If you’d like to learn more about the deque library and other types of collections Python provides, you can read our Introduction to Python’s Collections Module article.

Stricter Implementations in Python

If your code needed a stack and you provide a List, there’s nothing stopping a programmer from calling insert, remove or other list functions that will affect the order of your stack! This fundamentally ruins the point of defining a stack, as it no longer functions the way it should.

There are times when we’d like to ensure that only valid operations can be performed on our data.

We can create classes that only exposes the necessary methods for each data structure.

To do so, let’s create a new file called stack_queue.py and define two classes:

class Stack:

    def __init__(self):
        self.stack = []

    def pop(self):
        if len(self.stack) < 1:
            return None
        return self.stack.pop()

    def push(self, item):
        self.stack.append(item)

    def size(self):
        return len(self.stack)
class Queue:

    def __init__(self):
        self.queue = []

    def enqueue(self, item):
        self.queue.append(item)

    def dequeue(self):
        if len(self.queue) < 1:
            return None
        return self.queue.pop(0)

    def size(self):
        return len(self.queue)

The programmers using our Stack and Queue are now encouraged to use the methods provided to manipulate the data instead.

Examples

Imagine you’re a developer working on a brand new word processor. You’re tasked with creating an undo feature - allowing users to backtrack their actions till the beginning of the session.

A stack is an ideal fit for this scenario. We can record every action the user takes by pushing it to the stack. When the user wants to undo an action they’ll pop it from the stack. We can quickly simulate the feature like this:

document_actions = Stack()
document_actions.push('action: enter; text_id: 1; text: This is my favourite document')
document_actions.push('action: format; text_id: 1; alignment: center')
document_actions.pop()
document_actions.push('action: format; text_id: 1; style: bold')

Queues have widespread uses in programming as well. Think of games like Street Fighter or Super Smash Brothers. Players in those games can perform special moves by pressing a combination of buttons. These button combinations can be stored in a queue.

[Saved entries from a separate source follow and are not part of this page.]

Lemma Rsum_delta n i a :
  (i < n)%nat -> Rsum n (fun k => if Nat.eqb k i then a else 0) = a.
Proof.
  assert (Hbelow : forall m, (m <= i)%nat ->
            Rsum m (fun k => if Nat.eqb k i then a else 0) = 0).
  { induction m as [|m IH]; intros Hm; [reflexivity|].
    rewrite Rsum_S, IH by lia.
    destruct (Nat.eqb_spec m i); [lia | ring]. }
  induction n as [|n IH]; intros Hi; [lia|].
  rewrite Rsum_S. destruct (Nat.eqb_spec n i) as [->|Hne].
  - rewrite Hbelow by lia. ring.
  - rewrite IH by lia. ring.
Qed.

Lemma Cmod_triangle z w : Cmod (Cadd z w) <= Cmod z + Cmod w.
Proof. exact (Complex.Cmod_triangle z w). Qed.

Lemma Cmod_mult z w : Cmod (Cmul z w) = Cmod z * Cmod w.
Proof. exact (Complex.Cmod_mult z w). Qed.

Lemma Cmod_ge_0 z : 0 <= Cmod z.
Proof. exact (Complex.Cmod_ge_0 z). Qed.

Lemma Cmod_eq_0 z : Cmod z = 0 -> z = C0.
Proof. exact (Complex.Cmod_eq_0 z). Qed.

Lemma Cmod_Csum n f : Cmod (Csum n f) <= Rsum n (fun k => Cmod (f k)).
Proof.
  induction n as [|n IH].
  - apply Req_le, Complex.Cmod_0.
  - rewrite Csum_S, Rsum_S. eapply Rle_trans; [apply Cmod_triangle | lra].
Qed.

Lemma Cmod_RtoC_mul r w : 0 <= r -> Cmod (Cmul (RtoC r) w) = r * Cmod w.
Proof.
  intros Hr. rewrite Cmod_mult. f_equal.
  change (Complex.Cmod (Complex.RtoC r) = r).
  rewrite Complex.Cmod_R. apply Rabs_right; lra.
Qed.

Lemma Cmod_C0_sub w : Cmod (Csub C0 w) = Cmod w.
Proof. destruct w; unfold Cmod, Csub, Cadd, Copp, C0; simpl. f_equal; ring. Qed.

(* [max_upto n f] is the maximum of 0, f 0, ..., f (n - 1); the 0 is harmless
   since it is only applied to nonnegative families. *)
Fixpoint max_upto (n : nat) (f : nat -> R) : R :=
  match n with O => 0 | S n' => Rmax (max_upto n' f) (f n') end.

Lemma max_upto_nonneg n f : 0 <= max_upto n f.
Proof.
  induction n as [|n IH]; simpl; [lra|].
  eapply Rle_trans; [apply IH | apply Rmax_l].
Qed.

Lemma max_upto_ge n f k : (k < n)%nat -> f k <= max_upto n f.
Proof.
  induction n as [|n IH]; intros Hk; simpl; [lia|].
  destruct (Nat.eq_dec k n) as [->|Hne]; [apply Rmax_r|].
  eapply Rle_trans; [apply IH; lia | apply Rmax_l].
Qed.

Lemma max_upto_le n f c :
  0 <= c -> (forall k, (k < n)%nat -> f k <= c) -> max_upto n f <= c.
Proof.
  induction n as [|n IH]; intros Hc Hf; simpl; [lra|].
  apply Rmax_lub; auto.
Qed.

Lemma max_upto_lt n f c :
  0 < c -> (forall k, (k < n)%nat -> f k < c) -> max_upto n f < c.
Proof.
  induction n as [|n IH]; intros Hc Hf; simpl; [lra|].
  apply Rmax_lub_lt; auto.
Qed.

Lemma max_upto_ext n f g :
  (forall k, (k < n)%nat -> f k = g k) -> max_upto n f = max_upto n g.
Proof.
  induction n as [|n IH]; intros Hfg; simpl; [reflexivity|].
  rewrite IH, Hfg by auto. reflexivity.
Qed.

Lemma mul_max_upto_le n c f b : 0 <= c -> 0 <= b ->
  (forall k, (k < n)%nat -> c * f k <= b) -> c * max_upto n f <= b.
Proof.
  induction n as [|n IH]; intros Hc Hb Hf; simpl; [lra|].
  apply Rmax_case; auto.
Qed.

Definition vnorm (N : nat) (x : Vec) : R := max_upto N (fun k => Cmod (x k)).
Definition row_abs_sum (N : nat) (M : Mat) (i : nat) : R :=
  Rsum N (fun k => Cmod (M i k)).
Definition mnorm (N : nat) (M : Mat) : R := max_upto N (row_abs_sum N M).

Lemma Cmod_le_vnorm N x k : (k < N)%nat -> Cmod (x k) <= vnorm N x.
Proof. apply (max_upto_ge N (fun k => Cmod (x k))). Qed.

Lemma vnorm_ext N x y :
  (forall k, (k < N)%nat -> x k = y k) -> vnorm N x = vnorm N y.
Proof. intros Hxy. apply max_upto_ext. intros k Hk. rewrite Hxy; auto. Qed.

Lemma vnorm_eq_0 N x : vnorm N x = 0 -> forall i, (i < N)%nat -> x i = C0.
Proof.
  intros Hx i Hi. apply Cmod_eq_0.
  pose proof (Cmod_le_vnorm N x i Hi). pose proof (Cmod_ge_0 (x i)). lra.
Qed.

Lemma Cmod_mvmul_le N M x i : (i < N)%nat ->
  Cmod (mvmul N M x i) <= mnorm N M * vnorm N x.
Proof.
  intros Hi. unfold mvmul. eapply Rle_trans; [apply Cmod_Csum|].
  apply Rle_trans with (row_abs_sum N M i * vnorm N x).
  - unfold row_abs_sum. rewrite Rmult_comm, <- Rsum_scal.
    apply Rsum_le. intros k Hk. rewrite Cmod_mult, Rmult_comm.
    apply Rmult_le_compat_r; [apply Cmod_ge_0 | apply Cmod_le_vnorm; exact Hk].
  - apply Rmult_le_compat_r; [apply max_upto_nonneg|].
    apply (max_upto_ge N (row_abs_sum N M)); exact Hi.
Qed.

Lemma vnorm_mvmul_le N M x : vnorm N (mvmul N M x) <= mnorm N M * vnorm N x.
Proof.
  apply max_upto_le; [apply Rmult_le_pos; apply max_upto_nonneg|].
  intros i Hi. apply Cmod_mvmul_le; exact Hi.
Qed.

Section Contraction.
Variables (N : nat) (M : Mat).
Hypothesis mnorm_lt1 : mnorm N M < 1.

Let mnorm_ge0 : 0 <= mnorm N M := max_upto_nonneg _ _.

Lemma contraction_eigenvalue lam : eigenvalue N M lam -> Cmod lam < 1.
Proof.
  intros [v [[i [Hi Hvi]] Hv]].
  assert (Hpos : 0 < vnorm N v).
  { destruct (Rle_lt_or_eq_dec 0 (vnorm N v)) as [|E];
      [apply max_upto_nonneg | assumption |].
    exfalso. exact (Hvi (vnorm_eq_0 N v (eq_sym E) i Hi)). }
  assert (Cmod lam * vnorm N v <= mnorm N M * vnorm N v).
  { apply mul_max_upto_le; [apply Cmod_ge_0 | nra |].
    intros k Hk. rewrite <- Cmod_mult, <- Hv by exact Hk.
    apply Cmod_mvmul_le; exact Hk. }
  nra.
Qed.

Lemma contraction_fixpoint x :
  (forall i, (i < N)%nat -> mvmul N M x i = x i) ->
  forall i, (i < N)%nat -> x i = C0.
Proof.
  intros Hfix. apply vnorm_eq_0.
  pose proof (vnorm_mvmul_le N M x) as Hle.
  rewrite (vnorm_ext N (mvmul N M x) x Hfix) in Hle.
  pose proof (max_upto_nonneg N (fun k => Cmod (x k))). fold (vnorm N x) in *.
  nra.
Qed.

Lemma contraction_orbit_vanishes (e : nat -> Vec) :
  (forall k i, (i < N)%nat -> e (S k) i = mvmul N M (e k) i) ->
  forall eps, eps > 0 -> exists K, forall k, (k >= K)%nat ->
    forall i, (i < N)%nat -> Cmod (e k i) < eps.
Proof.
  intros He eps Heps.
  set (q := mnorm N M) in *. set (E0 := vnorm N (e 0%nat)).
  assert (HE0 : 0 <= E0) by apply max_upto_nonneg.
  assert (Hdecay : forall k, vnorm N (e k) <= q ^ k * E0).
  { induction k as [|k IH].
    { rewrite pow_O, Rmult_1_l. apply Rle_refl. }
    change (q ^ S k) with (q * q ^ k).
    rewrite (vnorm_ext N (e (S k)) (mvmul N M (e k))) by auto.
    eapply Rle_trans; [apply vnorm_mvmul_le|].
    rewrite Rmult_assoc. apply Rmult_le_compat_l; assumption. }
  set (y := eps / (E0 + 1)).
  assert (Hy : 0 < y) by (apply Rdiv_lt_0_compat; lra).
  assert (HyE0 : y * E0 < eps).
  { replace eps with (y * (E0 + 1)) by (unfold y; field; lra). nra. }
  destruct (pow_lt_1_zero q ltac:(rewrite Rabs_right; lra) y Hy) as [K HK].
  exists K. intros k Hk i Hi.
  specialize (HK k Hk). rewrite Rabs_right in HK by (apply Rle_ge, pow_le; lra).
  pose proof (Cmod_le_vnorm N (e k) i Hi). pose proof (Hdecay k).
  assert (q ^ k * E0 <= y * E0) by (apply Rmult_le_compat_r; lra).
  lra.
Qed.

End Contraction.

Lemma row_abs_sum_I_sub_diag_mul N rho D i : 0 <= rho i -> (i < N)%nat ->
  row_abs_sum N (msub idM (diag_mul rho D)) i =
  Cmod (msub idM (diag_mul rho D) i i) + rho i * offdiag_mod_sum N D i.
Proof.
  intros Hr Hi. unfold row_abs_sum, offdiag_mod_sum.
  rewrite <- Rsum_scal, <- (Rsum_delta N i (Cmod (msub idM (diag_mul rho D) i i)) Hi).
  rewrite <- Rsum_plus. apply Rsum_ext. intros k _.
  destruct (Nat.eqb_spec k i) as [->|Hne]; [ring|].
  assert (Hoff : msub idM (diag_mul rho D) i k = Csub C0 (Cmul (RtoC (rho i)) (D i k))).
  { unfold msub, idM, diag_mul. destruct (Nat.eqb_spec i k); [lia | reflexivity]. }
  rewrite Hoff, Cmod_C0_sub, Cmod_RtoC_mul by exact Hr. ring.
Qed.

(* The diagonal entry of I - rho Delta is 1 - r m e^{i p}; squaring shows that
   the condition on r is exactly |1 - r m e^{i p}| < 1 - r R. *)
Lemma Cmod_one_sub_polar_lt (r m p R : R) :
  0 <= m -> 0 <= R -> R < m * cos p -> 0 < r ->
  r < 2 * ((m * cos p - R) / (m ^ 2 - R ^ 2)) ->
  Cmod (1 - r * (m * cos p), - (r * (m * sin p))) + r * R < 1.
Proof.
  intros Hm HR Hdom Hr Hrb.
  pose proof (sin2_cos2 p) as Hcs. unfold Rsqr in Hcs.
  pose proof (COS_bound p) as [_ Hc1].
  assert (Hden : 0 < m ^ 2 - R ^ 2) by nra.
  assert (Hk : r * (m ^ 2 - R ^ 2) < 2 * (m * cos p - R)).
  { apply (Rmult_lt_compat_r (m ^ 2 - R ^ 2)) in Hrb; [|exact Hden].
    replace (2 * ((m * cos p - R) / (m ^ 2 - R ^ 2)) * (m ^ 2 - R ^ 2))
      with (2 * (m * cos p - R)) in Hrb by (field; lra).
    exact Hrb. }
  assert (Hpos : 0 < 1 - r * R) by nra.
  enough (Hsqrt : Cmod (1 - r * (m * cos p), - (r * (m * sin p))) < 1 - r * R) by lra.
  unfold Cmod; simpl fst; simpl snd.
  rewrite <- (sqrt_pow2 (1 - r * R)) by lra.
  apply sqrt_lt_1_alt. split; [apply Rplus_le_le_0_compat; apply pow2_ge_0|].
  assert (Hgap : 0 < r * (2 * (m * cos p - R) - r * (m ^ 2 - R ^ 2))).
  { apply Rmult_lt_0_compat; lra. }
  replace ((1 - r * (m * cos p)) ^ 2 + (- (r * (m * sin p))) ^ 2)
    with (1 - 2 * r * (m * cos p) + r ^ 2 * m ^ 2 * (sin p * sin p + cos p * cos p))
    by ring.
  rewrite Hcs. nra.
Qed.

Lemma offdiag_mod_sum_nonneg N D i : 0 <= offdiag_mod_sum N D i.
Proof.
  unfold offdiag_mod_sum. induction N as [|N IH]; [apply Rle_refl|].
  rewrite Rsum_S. destruct (Nat.eqb N i); [lra|].
  pose proof (Cmod_ge_0 (D i N)). lra.
Qed.

Lemma mnorm_I_sub_diag_mul_lt1 N D rho phase :
  (forall i, (i < N)%nat ->
     D i i = (Cmod (D i i) * cos (phase i i), Cmod (D i i) * sin (phase i i))) ->
  (forall i, (i < N)%nat -> Cmod (D i i) * cos (phase i i) > offdiag_mod_sum N D i) ->
  (forall i, (i < N)%nat ->
     0 < rho i /\
     rho i < 2 * ((Cmod (D i i) * cos (phase i i) - offdiag_mod_sum N D i)
                  / (Cmod (D i i) ^ 2 - (offdiag_mod_sum N D i) ^ 2))) ->
  mnorm N (msub idM (diag_mul rho D)) < 1.
Proof.
  intros Hpolar Hdom Hrho. apply max_upto_lt; [lra|]. intros i Hi.
  destruct (Hrho i Hi) as [Hr Hrb].
  rewrite row_abs_sum_I_sub_diag_mul by (lra || exact Hi).
  pose proof (Hpolar i Hi) as Hp. pose proof (Cmod_ge_0 (D i i)) as Hm.
  set (m := Cmod (D i i)) in *.
  replace (msub idM (diag_mul rho D) i i)
    with (1 - rho i * (m * cos (phase i i)), - (rho i * (m * sin (phase i i)))).
  - apply Cmod_one_sub_polar_lt; [exact Hm | apply offdiag_mod_sum_nonneg | | |];
      [exact (Hdom i Hi) | exact Hr | exact Hrb].
  - unfold msub, idM, diag_mul. rewrite Nat.eqb_refl, Hp.
    unfold Csub, Cadd, Copp, Cmul, RtoC, C1; simpl. f_equal; ring.
Qed.

(* Invertibility needs determinants, so the linear-algebra identities are proved
   by transporting to MathComp matrices over [R[i]]. *)
Module ComplexMatrix.
Import all_boot all_order all_algebra Rstruct complex.
Import GRing.Theory Num.Theory.
Local Open Scope ring_scope.
Local Open Scope complex_scope.

Definition toC (z : Defs.C) : R[i] := Complex z.1 z.2.
Definition fromC (w : R[i]) : Defs.C := let: Complex a b := w in (a, b).

Lemma toCK : cancel toC fromC. Proof. by case. Qed.
Lemma fromCK : cancel fromC toC. Proof. by case. Qed.
Lemma toC_inj : injective toC. Proof. exact: can_inj toCK. Qed.

Lemma toC_add z w : toC (Cadd z w) = toC z + toC w.
Proof. by case: z => a b; case: w. Qed.

Lemma toC_mul z w : toC (Cmul z w) = toC z * toC w.
Proof. by case: z => a b; case: w. Qed.

Lemma toC_sub z w : toC (Csub z w) = toC z - toC w.
Proof. by case: z => a b; case: w. Qed.

Lemma toC_RtoC r : toC (RtoC r) = r%:C.
Proof. by []. Qed.

Lemma toC_idM i j : toC (idM i j) = (i == j)%:R.
Proof.
by rewrite /idM; case: (PeanoNat.Nat.eqb_spec i j) => [->|/eqP/negbTE ->];
  rewrite ?eqxx.
Qed.

Lemma toC_Csum n f : toC (Csum n f) = \sum_(k < n) toC (f k).
Proof.
elim: n => [|n IH]; first by rewrite big_ord0.
by rewrite Csum_S toC_add IH big_ord_recr.
Qed.

Definition toM N (A : Mat) : 'M[R[i]]_N := \matrix_(i < N, j < N) toC (A i j).
Definition toV N (x : Vec) : 'cV[R[i]]_N := \col_(i < N) toC (x i).
Definition diag_rho N (rho : nat -> Rdefinitions.R) : 'M[R[i]]_N :=
  diag_mx (\row_(i < N) (rho i)%:C).

Lemma toM_entry N A i j (iN : (i < N)%N) (jN : (j < N)%N) :
  toC (A i j) = toM N A (Ordinal iN) (Ordinal jN).
Proof. by rewrite mxE. Qed.

Lemma toV_entry N x i (iN : (i < N)%N) : toC (x i) = toV N x (Ordinal iN) 0.
Proof. by rewrite mxE. Qed.

Lemma toV_inj N x y : toV N x = toV N y -> forall i, (i < N)%coq_nat -> x i = y i.
Proof. by move=> e i /ltP iN; apply: toC_inj; rewrite !(toV_entry N _ _ iN) e. Qed.

Lemma toV_eq0 N x : (forall i, (i < N)%coq_nat -> x i = Defs.C0) -> toV N x = 0.
Proof. by move=> x0; apply/matrixP => i j; rewrite !mxE x0 //; apply/ltP. Qed.

Lemma toM_mmul N A B : toM N (mmul N A B) = toM N A *m toM N B.
Proof.
apply/matrixP => i j; rewrite !mxE toC_Csum.
by apply: eq_bigr => k _; rewrite toC_mul !mxE.
Qed.

Lemma toV_mvmul N A x : toV N (mvmul N A x) = toM N A *m toV N x.
Proof.
apply/matrixP => i j; rewrite !mxE toC_Csum.
by apply: eq_bigr => k _; rewrite toC_mul !mxE.
Qed.

Lemma toV_vsub N x y : toV N (vsub x y) = toV N x - toV N y.
Proof. by apply/matrixP => i j; rewrite !mxE toC_sub. Qed.

Lemma toM_I_sub_diag_mul N rho A :
  toM N (msub idM (diag_mul rho A)) = 1%:M - diag_rho N rho *m toM N A.
Proof.
apply/matrixP => i j.
by rewrite mul_diag_mx !mxE toC_sub toC_idM toC_mul toC_RtoC.
Qed.

Lemma toV_ilc_iter_S N rho H G Yd U0 k :
  let U := ilc_iter N rho H G Yd U0 k in
  toV N (ilc_iter N rho H G Yd U0 k.+1) =
    toV N U + diag_rho N rho *m (toM N H *m (toV N Yd - toM N G *m toV N U)).
Proof.
move=> U; rewrite -toV_mvmul -toV_vsub -toV_mvmul.
by apply/matrixP => i j; rewrite mul_diag_mx !mxE toC_add toC_mul toC_RtoC.
Qed.

Lemma is_inverse_mx N A B : is_inverse N A B ->
  toM N A *m toM N B = 1%:M /\ toM N B *m toM N A = 1%:M.
Proof.
move=> AB; split; apply/matrixP => i j;
  have [h1 h2] := AB i j (ltP (ltn_ord i)) (ltP (ltn_ord j));
  by rewrite -toM_mmul !mxE ?h1 ?h2 toC_idM.
Qed.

Now imagine that you’re a developer working on a new fighting game. In your game, every time a button is pressed, an input event is fired. A tester noticed that if buttons are pressed too quickly the game only processes the first one and special moves won’t work!

You can fix that with a queue. We can enqueue all input events as they come in. This way it doesn’t matter if input events come with little time between them, they’ll all be stored and available for processing. When we’re processing the moves we can dequeue them. A special move can be worked out like this:

input_queue = Queue()
input_queue.enqueue('DOWN')
input_queue.enqueue('RIGHT')
input_queue.enqueue('B')
key_pressed = input_queue.dequeue()
key_pressed = input_queue.dequeue()
key_pressed = input_queue.dequeue()

Conclusion

Stacks and queues are simple data structures that allow us to store and retrieve data sequentially. In a stack, the last item we enter is the first to come out. In a queue, the first item we enter is the first come out.

We can add items to a stack using the push operation and retrieve items using the pop operation. With queues, we add items using the enqueue operation and retrieve items using the dequeue operation.

In Python, we can implement stacks and queues just by using the built-in List data structure. Python also has the deque library which can efficiently provide stack and queue operations in one object. Finally, we’ve made our stack and queue classes for tighter control of our data.

There are many real-world use cases for stacks and queues, understanding them allows us to solve many data storage problems in an easy and effective manner.